Lemma nested_balls_point (c : nat -> X) (r : nat -> R) :
  complete d ->
  (forall n m, (n <= m)%nat -> d (c n) (c m) < r n) ->
  (forall eps, 0 < eps -> exists N, forall n, (N <= n)%nat -> r n < eps) ->
  exists z, forall n, d (c n) z <= r n.
Proof.
  intros Hc Hnest Hr.
  assert (Hcauchy : cauchy d c).
  { intros eps Heps. destruct (Hr eps Heps) as [N HN]. exists N. intros m n Hm Hn.
    destruct (Nat.le_ge_cases m n) as [Hmn|Hmn].
    - pose proof (Hnest m n Hmn). pose proof (HN m Hm). lra.
    - pose proof (Hnest n m Hmn). pose proof (HN n Hn). rewrite (dist_sym d Hd). lra. }
  destruct (Hc c Hcauchy) as [z Hz]. exists z. intros n.
  apply (limit_dist_le d Hd c); [exact Hz|]. exists n. intros m Hm. left. auto.
Qed.

Lemma nowhere_dense_avoid_ball (A : X -> Prop) y rho :
  nowhere_dense d A -> 0 < rho ->
  exists z s, 0 < s /\ s <= rho / 2 /\
    forall w, d z w < 2 * s -> d y w < rho /\ ~ A w.
Proof.
  intros HA Hrho.
  assert (Hex : exists z, d y z < rho /\ ~ m_closure d A z).
  { apply NNPP. intro Hno. apply HA. exists y, rho. split; [exact Hrho|].
    intros z Hz. apply NNPP. intro Hz'. apply Hno. eauto. }
  destruct Hex as [z [Hyz Hz]].
  destruct (not_closure_dist d A z Hz) as [s [Hs Hsa]].
  set (t := Rmin (rho/2) (Rmin (s/2) ((rho - d y z)/2))).
  assert (Ht1 := Rmin_l (rho/2) (Rmin (s/2) ((rho - d y z)/2))).
  assert (Ht2 := Rmin_r (rho/2) (Rmin (s/2) ((rho - d y z)/2))).
  assert (Ht3 := Rmin_l (s/2) ((rho - d y z)/2)).
  assert (Ht4 := Rmin_r (s/2) ((rho - d y z)/2)).
  assert (Ht : 0 < t) by (apply Rmin_pos; [lra | apply Rmin_pos; lra]).
  fold t in Ht1, Ht2.
  exists z, t. split; [exact Ht|]. split; [exact Ht1|]. intros w Hw. split.
  - pose proof (dist_triangle d Hd y z w). lra.
  - intro HAw. specialize (Hsa w HAw). lra.
Qed.

Theorem baire_category : complete d ->
  forall N : nat -> X -> Prop, (forall n, nowhere_dense d (N n)) ->
  forall x0 r0, 0 < r0 -> exists z, d x0 z < r0 /\ forall n, ~ N n z.
Proof.
  intros Hc N HN x0 r0 Hr0.
  assert (Hstep : forall q : nat * (X * R), exists p : X * R, 0 < snd (snd q) ->
     0 < snd p /\ snd p <= snd (snd q) / 2 /\
     forall w, d (fst p) w < 2 * snd p -> d (fst (snd q)) w < snd (snd q) /\ ~ N (fst q) w).
  { intros [n [y rho]]. destruct (Rlt_dec 0 rho) as [Hrho|Hrho].
    - destruct (nowhere_dense_avoid_ball (N n) y rho (HN n) Hrho) as [z [s Hzs]].
      exists (z, s). auto.
    - exists (y, rho). simpl. intros. contradiction. }
  apply functional_choice in Hstep. destruct Hstep as [next Hnext].
  set (ps := fix ps j := match j with O => (x0, r0 / 2) | S j => next (j, ps j) end).
  assert (Hpos : forall j, 0 < snd (ps j) /\ snd (ps j) <= r0 / 2 * half_pow j).
  { induction j as [|j [H1 H2]].
    - simpl. unfold half_pow. simpl. lra.
    - destruct (Hnext (j, ps j) H1) as [H3 [H4 _]]. cbn [fst snd] in H4.
      change (ps (S j)) with (next (j, ps j)). rewrite half_pow_S. split; lra. }
  assert (Hin : forall n w, d (fst (ps (S n))) w < 2 * snd (ps (S n)) ->
                  d (fst (ps n)) w < snd (ps n) /\ ~ N n w).
  { intros n. exact (proj2 (proj2 (Hnext (n, ps n) (proj1 (Hpos n))))). }
  assert (Hnest : forall n m, (n <= m)%nat ->
            forall w, d (fst (ps m)) w < snd (ps m) -> d (fst (ps n)) w < snd (ps n)).
  { induction 1; intros w Hw; [exact Hw|].
    apply IHle, Hin. pose proof (proj1 (Hpos (S m))). lra. }
  destruct (nested_balls_point (fun j => fst (ps j)) (fun j => snd (ps j)) Hc)
    as [z Hz].
  - intros n m Hnm. apply (Hnest n m Hnm). rewrite (dist_refl d Hd). apply Hpos.
  - intros eps Heps. destruct (half_pow_small (eps / r0)) as [K HK].
    { apply Rdiv_lt_0_compat; lra. }
    exists K. intros n Hn. pose proof (half_pow_le _ _ Hn). destruct (Hpos n) as [_ Hn2].
    assert (half_pow K * r0 < eps).
    { apply Rmult_lt_compat_r with (r := r0) in HK; [|lra].
      unfold Rdiv in HK. rewrite Rmult_assoc, Rinv_l, Rmult_1_r in HK; lra. }
    pose proof (half_pow_pos n). nra.
  - exists z. split.
    + pose proof (Hz O). simpl in *. lra.
    + intros n. apply (Hin n z). pose proof (Hz (S n)). pose proof (proj1 (Hpos (S n))). lra.
Qed.
Lemma uniformly_recurrent_plim {x} : F_uniformly_recurrent op F T x ->
  exists u, L u /\ plim_is u (fun s => T s x) x.
Proof.
move=> xrec; have [[[p Lp] [LF Lmul]] _] := hL.
have pU := minimal_left_ideal_ultra Lp; have pF := ultra_proper pU.
have FF := is_filter_proper hF.
pose N := filter_from (nbhs x) (fun U => [set s | U (T s x)]).
have NF : Filter N.
  apply: filter_from_filter; first by exists setT; apply: filterT.
  by move=> U V xU xV; exists (U `&` V); [apply: filterI|].
have [B As FB [U xU UAs]|r rU [Fr Nrp]] := umul_ultra_from (op := op) F N p pU.
  have [t Bt ptU] := (F_syndeticP hF).1 (xrec U xU) B p FB (LF _ Lp).
  by exists t => //; apply: filterS ptU => s /UAs.
exists (umul op r p); split; first exact: Lmul.
by move=> U xU; apply: Nrp; exists U.
Qed.

Lemma plim_uniformly_recurrent {x} :
  (exists u, L u /\ plim_is u (fun s => T s x) x) -> F_uniformly_recurrent op F T x.
Proof.
move=> [u [Lu ux]] U xU; have [cX hX T_cont T_op] := hT; have [[_ [LF Lmul]] _] := hL.
apply/F_syndeticP => // B p FB Fp; have [pU _] := Fp.
have uU := minimal_left_ideal_ultra Lu.
have [r [rU Fr] rpu] : [set umul op r (umul op p u) | r in Fbar F] u.
  by rewrite -(minimal_left_ideal_umulr opA Fsemi hL Fbar_left_ideal (Lmul _ _ Fp Lu)).
have rpuu : umul op (umul op r p) u = u by rewrite -(umulA opA).
have rpx := plim_fixed_umul T_cont T_op cX hX (umul_ultra rU pU) uU rpuu ux.
have rF := ultra_proper rU.
by have [t [Bt ptU]] := filter_ex (filterI (Fr _ FB) (rpx U xU)); exists t.
Qed.

Lemma plim_idempotent {x} : (exists u, L u /\ plim_is u (fun s => T s x) x) ->
  exists u, [/\ L u, uidempotent op u & plim_is u (fun s => T s x) x].
Proof.
move=> [u [Lu ux]]; have [cX hX T_cont T_op] := hT; have [[_ [LF Lmul]] _] := hL.
have uU := minimal_left_ideal_ultra Lu.
have [e [Le [eU eu]] ee] :
    exists2 e, (L `&` [set v | is_ultrafilter v /\ umul op v u = u]) e
      & uidempotent op e.
  apply: (closed_subsemigroup_idempotent opA); split.
  - by move=> v [_ []].
  - have [v Lv vu] : [set umul op v u | v in L] u.
      by rewrite -(minimal_left_ideal_umulr opA Fsemi hL hL.1 Lu).
    by exists v; split=> //; split=> //; apply: minimal_left_ideal_ultra.
  - exact: beta_closedI minimal_left_ideal_closed (beta_closed_stab _ uU).
  move=> v w [Lv [vU vu]] [Lw [wU wu]]; split; first exact: Lmul (LF _ Lv) Lw.
  by split; [apply: umul_ultra|rewrite -(umulA opA) wu vu].
by exists e; split=> //; exact (plim_fixed_umul T_cont T_op cX hX eU uU eu ux).
Qed.

Lemma idempotent_plim_fixed {x y u} : L u -> uidempotent op u ->
  plim_is u (fun s => T s y) x -> plim_is u (fun s => T s x) x.
Proof.
move=> Lu uu; have [cX hX T_cont T_op] := hT; have uU := minimal_left_ideal_ultra Lu.
exact (plim_fixed_umul T_cont T_op cX hX uU uU uu).
Qed.

End Recurrence.

Theorem theorem11 (S : Type) (op : S -> S -> S)
  (op_assoc : forall a b c, op a (op b c) = op (op a b) c)
  (F : set (set S)) (hF : is_filter F)
  (hFsemi : is_subsemigroup op (Fbar F))
  (X : topologicalType) (T : S -> X -> X) (hT : dynamical_system op T)
  (L : set (set (set S))) (hL : is_minimal_left_ideal op (Fbar F) L)
  (x : X) :
  [/\ (F_uniformly_recurrent op F T x <->
        exists u, L u /\ plim_is u (fun s => T s x) x),
      ((exists u, L u /\ plim_is u (fun s => T s x) x) <->
        exists (y : X) u, [/\ L u, uidempotent op u & plim_is u (fun s => T s y) x]) &
      ((exists (y : X) u, [/\ L u, uidempotent op u & plim_is u (fun s => T s y) x]) <->
        exists u, [/\ L u, uidempotent op u & plim_is u (fun s => T s x) x])].
Proof.
have c_to_d : (exists y u, [/\ L u, uidempotent op u & plim_is u (fun s => T s y) x]) ->
    exists u, [/\ L u, uidempotent op u & plim_is u (fun s => T s x) x].
  move=> [y [u [Lu uu uyx]]]; exists u; split=> //.
  exact (idempotent_plim_fixed hL hT Lu uu uyx).
split; split.
- exact (uniformly_recurrent_plim hF hL).
- exact (plim_uniformly_recurrent op_assoc hF hFsemi hL hT).
- by move=> /(plim_idempotent op_assoc hFsemi hL hT) [u [Lu uu ux]]; exists x, u.
- by move=> /c_to_d [u [Lu _ ux]]; exists u.
- exact: c_to_d.
- by move=> [u [Lu uu ux]]; exists x, u.
Qed.
Theorem mainTheorem2 (l k : nat) (L : nat -> nat) :
  1 <= l -> 2 * l + 2 < k ->
  (forall j, j < size (zedges k) -> 2 * l < L j) ->
  forall X : seq vtx, size X <= 2 -> (forall x, x \in X -> inG k L x) ->
  exists P : seq vtx,
    is_pathG k L P /\ path_between (Sset k) (Tset k) P /\ dist_gt k L X P l.
Proof.
move=> _ Hkl HlL X HX HXin; have Hk : 2 <= k by lia.
have HFlevel := @lipschitz_level k L Hk.
have [Hdeep | /allPn [w0 Hw0 Hshallow]] := boolP (all (fun w => l < level k w) X).
  exists [:: inl rootB]; split; last split.
  - by split=> //; split=> // v; rewrite mem_seq1 => /eqP ->.
  - by left; rewrite !inE eqxx.
  apply: dist_gt_mem => w /(allP Hdeep) Hw; apply: (lipschitz_dist_gt HFlevel) => w' v.
  by rewrite !mem_seq1 => /eqP -> /eqP ->; left; rewrite /= trunc_log1 min0n addn0.
have [y Hy HXy] := size2_subset_pair HX Hw0.
have [P [HP HB Hlevel Hfar]] := far_from_vertex Hkl HlL (HXin y Hy).
exists P; split=> //; split=> //.
apply: dist_gt_mem => w /HXy; rewrite !inE => /orP [/eqP -> | /eqP -> //].
apply: (lipschitz_dist_gt HFlevel) => w' v; rewrite mem_seq1 => /eqP -> /Hlevel ->.
by right; move: Hshallow; rewrite /= -leqNgt; lia.
Qed.
Lemma sigma_std_part_rep_lift n al r : sumn al = n ->
  exists E : bij ('I_n * 'I_r)%type 'I_(n * r),
    lifts E (sigma_std n al) (sigma_std (n * r) (part_rep al r)).
Proof.
move=> sum_al; have sum_rep : sumn (part_rep al r) = n * r.
  by rewrite sumn_part_rep sum_al mulnC.
have t_in (t : 'I_n) : 0 <= t < 0 + sumn al by rewrite sum_al ltn_ord.
have rep_lt (p : 'I_n * 'I_r) : rep_index r al 0 0 p.1 p.2 < n * r.
  have /andP[_] := rep_index_range 0 (t_in p.1) (ltn_ord p.2).
  by rewrite sum_al mulnC.
pose E p : 'I_(n * r) := Ordinal (rep_lt p).
have E_inj : injective E.
  move=> [t j] [t' j'] /(congr1 val) /= /rep_index_inj.
  by case/(_ (t_in t) (ltn_ord j) (t_in t') (ltn_ord j')) => /val_inj-> /val_inj->.
have card_le : #|'I_(n * r)| <= #|{: 'I_n * 'I_r}| by rewrite card_prod !card_ord.
have [Einv EK EinvK] := inj_card_bij E_inj card_le.
exists (Bij EK EinvK) => t j; apply: val_inj => /=.
by rewrite !sigma_std_val // std_next_rep_index.
Qed.

Theorem mainTheorem1 (n : nat) (al : seq nat) (r : nat) :
  is_partition_of al n -> 1 <= r ->
  species_iso (species_comp (Calpha n al) (Xr r)) (Calpha (n * r) (part_rep al r)).
Proof.
case/and3P => _ _ /eqP sum_al r_gt0.
have [E lift_sigma] := sigma_std_part_rep_lift r sum_al.
exact: comp_cycle_Xr_iso r_gt0 lift_sigma.
Qed.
--------
▶ _YOUR GOAL_:
Show all lines in the entries above where the word "Hrho" appears.

▶ _SOLVED PROBLEM_:
  intros HA Hrho.
  { apply NNPP. intro Hno. apply HA. exists y, rho. split; [exact Hrho|].
  { intros [n [y rho]]. destruct (Rlt_dec 0 rho) as [Hrho|Hrho].
    - destruct (nowhere_dense_avoid_ball (N n) y rho (HN n) Hrho) as [z [s Hzs]].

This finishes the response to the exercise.